**ACTIVITY:**
Lines below containing the word "intros" should be copied out.

══════

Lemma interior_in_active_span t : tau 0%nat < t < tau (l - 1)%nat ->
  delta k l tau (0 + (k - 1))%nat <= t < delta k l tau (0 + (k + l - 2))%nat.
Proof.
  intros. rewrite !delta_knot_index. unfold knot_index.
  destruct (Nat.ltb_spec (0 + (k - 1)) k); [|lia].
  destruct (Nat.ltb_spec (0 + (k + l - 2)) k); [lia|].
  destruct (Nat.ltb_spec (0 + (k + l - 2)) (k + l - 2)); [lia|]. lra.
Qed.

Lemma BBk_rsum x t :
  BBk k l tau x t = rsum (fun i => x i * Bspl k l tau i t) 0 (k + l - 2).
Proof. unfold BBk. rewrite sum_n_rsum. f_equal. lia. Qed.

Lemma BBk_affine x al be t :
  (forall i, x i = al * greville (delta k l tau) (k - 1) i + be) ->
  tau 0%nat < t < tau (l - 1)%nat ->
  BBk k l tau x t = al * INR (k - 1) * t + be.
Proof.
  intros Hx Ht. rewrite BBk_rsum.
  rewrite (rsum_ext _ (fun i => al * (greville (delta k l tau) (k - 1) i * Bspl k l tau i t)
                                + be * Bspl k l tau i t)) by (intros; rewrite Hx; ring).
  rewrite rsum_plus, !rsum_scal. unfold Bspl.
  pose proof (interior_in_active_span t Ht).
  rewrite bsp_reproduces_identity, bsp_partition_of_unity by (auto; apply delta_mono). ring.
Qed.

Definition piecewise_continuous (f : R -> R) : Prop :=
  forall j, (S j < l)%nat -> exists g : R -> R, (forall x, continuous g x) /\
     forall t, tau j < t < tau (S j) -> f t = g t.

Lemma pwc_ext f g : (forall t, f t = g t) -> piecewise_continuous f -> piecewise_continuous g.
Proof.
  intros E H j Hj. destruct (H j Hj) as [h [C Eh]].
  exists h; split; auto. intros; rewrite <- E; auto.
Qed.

══════

**YOUR SOLUTION:**
  intros. rewrite !delta_knot_index. unfold knot_index.
  intros Hx Ht. rewrite BBk_rsum.
                                + be * Bspl k l tau i t)) by (intros; rewrite Hx; ring).
  intros E H j Hj. destruct (H j Hj) as [h [C Eh]].
  exists h; split; auto. intros; rewrite <- E; auto.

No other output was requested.